In summary, there is currently no reproducible and clinically practical standard to diagnose LPD and distinguish fertile from infertile women. The roles of luteal phase progesterone levels, endometrial biopsy, and other diagnostic studies have not been fully established, and the performance of these tests cannot be recommended. Furthermore, given the lack of a clear correlation between LPD by alternative definitions and clinically relevant outcomes, no test can be considered the gold standard. 


PROPOSED TREATMENTS 

Given the lack of clear diagnostic criteria for LPD and the overlapping results in most tests between fertile and infertile women, it is not surprising that quality data are lacking for treating LPD. The first approach to the treatment of potential LPD is the correction of any underlying condition, such as hypothalamic or thyroid dysfunction, or hyperprolactinemia. If no underlying abnormality is identified, then treatment becomes empiric and is not generally recommended. This should be interpreted in the context that LPD is difficult to define and there has been scant quality literature investigating treatment for LPD. The aim of empiric treatment has historically been to improve ovulatory function, promote endometrial maturation, enhance endometrial receptivity, and support implantation and development of an early pregnancy. Empiric strategies have included supplemental luteal progesterone, luteal progesterone plus estrogen, luteal hCG, or ovarian stimulation with clomiphene or gonadotropins. 

Ovarian Stimulation 

The use of agents to stimulate the ovaries may improve the fertility of subfertile women. The biologic plausibility of this treatment strategy is based on the physiologic continuity between the developing follicle and the corpus luteum. Improved preovulatory follicular dynamics should improve corpus luteum function.

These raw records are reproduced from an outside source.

(* In a finite dynamic game as described in the context, suppose $K^i$ is unilaterally sufficient information for player $i\in\mathcal{I}$. Then for each $j\in\mathcal{I}\setminus\{i\}$ and $t\in\mathcal{T}$ there exist functions $\Pi_t^{j,i,g^{-\{i,j\}}}:\mathcal{K}_t^i\times\mathcal{H}_t^j\times\mathcal{U}_t^i\times\mathcal{U}_t^j\to\Delta(\mathcal{H}_{t+1}^j)$ and $r_t^{i,j,g^{-\{i,j\}}}:\mathcal{K}_t^i\times\mathcal{H}_t^j\times\mathcal{U}_t^i\times\mathcal{U}_t^j\to[-1,1]$, depending on the strategy profile $g$ only through $g^{-\{i,j\}}=(g^l)_{l\notin\{i,j\}}$, such that for all behavioral strategy profiles $g$: (1) $\Pr^g(\tilde h_{t+1}^j\mid h_t^i,h_t^j,u_t^i,u_t^j)=\Pi_t^{j,i,g^{-\{i,j\}}}(\tilde h_{t+1}^j\mid k_t^i,h_t^j,u_t^i,u_t^j)$ for all $t<T$, and (2) $\mathbb{E}^g[R_t^j\mid h_t^i,h_t^j,u_t^i,u_t^j]=r_t^{i,j,g^{-\{i,j\}}}(k_t^i,h_t^j,u_t^i,u_t^j)$ for all $t$, whenever the left-hand sides are well defined (the conditioning event has positive probability).
   Context: Game model: finite set of players $\mathcal{I}$, times $\mathcal{T}=\{1,\dots,T\}$. At time $t$ each player $i$ takes action $U_t^i\in\mathcal{U}_t^i$, obtains reward $R_t^i\in[-1,1]$ and learns new information $Z_t^i\in\mathcal{Z}_t^i$. There is a state $X_t\in\mathcal{X}_t$ with $(X_{t+1},Z_t,R_t)=f_t(X_t,U_t,W_t)$ for fixed functions $f_t$. Primitive random variables $(X_1,H_1)$ and $W_1,\dots,W_T$ are mutually independent with commonly known distributions. All sets are finite. Perfect recall: $H_t^i=(H_1^i,Z_{1:t-1}^i)\in\mathcal{H}_t^i$, and $U_t^i$ is a component of $Z_t^i$. Behavioral strategy $g_t^i:\mathcal{H}_t^i\to\Delta(\mathcal{U}_t^i)$. A realization is admissible under $g$ if it has positive probability under $g$. Compression: $K_1^i=\iota_1^i(H_1^i)$, $K_t^i=\iota_t^i(K_{t-1}^i,Z_{t-1}^i)$ for fixed maps, finite value sets $\mathcal{K}_t^i$; $k_t^i$ is the compression of $h_t^i$. Unilaterally sufficient information (USI): $K^i$ is USI for player $i$ if there exist $F_t^{i,g^i}:\mathcal{K}_t^i\to\Delta(\mathcal{H}_t^i)$ depending only on $g^i$ and $\Phi_t^{i,g^{-i}}:\mathcal{K}_t^i\to\Delta(\mathcal{X}_t\times\mathcal{H}_t^{-i})$ depending only on $g^{-i}$ with $\Pr^g(x_t,h_t\mid k_t^i)=F_t^{i,g^i}(h_t^i\mid k_t^i)\Phi_t^{i,g^{-i}}(x_t,h_t^{-i}\mid k_t^i)$ for all behavioral profiles $g$, all $t$, all $k_t^i$ admissible under $g$ (with $x_t,h_t^i,h_t^{-i}$ ranging independently; the left side is $0$ if they disagree on shared components). *)

From HB Require Import structures.
From mathcomp Require Import all_boot all_order all_algebra.
From mathcomp Require Import reals.
Set Implicit Arguments. Unset Strict Implicit. Unset Printing Implicit Defensive.
Import Order.TTheory GRing.Theory Num.Theory.
Local Open Scope ring_scope.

However, attempts to link poor fertility outcomes to these surrogate endpoints have been unsuccessful and ovulation induction has not been demonstrated to treat LPD (69–72). 

Progesterone 

Progesterone can be administered via oral, vaginal, and intra-muscular routes. The use of progesterone after fertility treatments is distinctly different from using it to supplement the natural menstrual cycle. Although progesterone is beneficial after various therapeutic infertility treatments, there is no evidence that progesterone is beneficial for fertility in natural cycles. Similarly, there is no evidence that progesterone is beneficial for treating LPD.  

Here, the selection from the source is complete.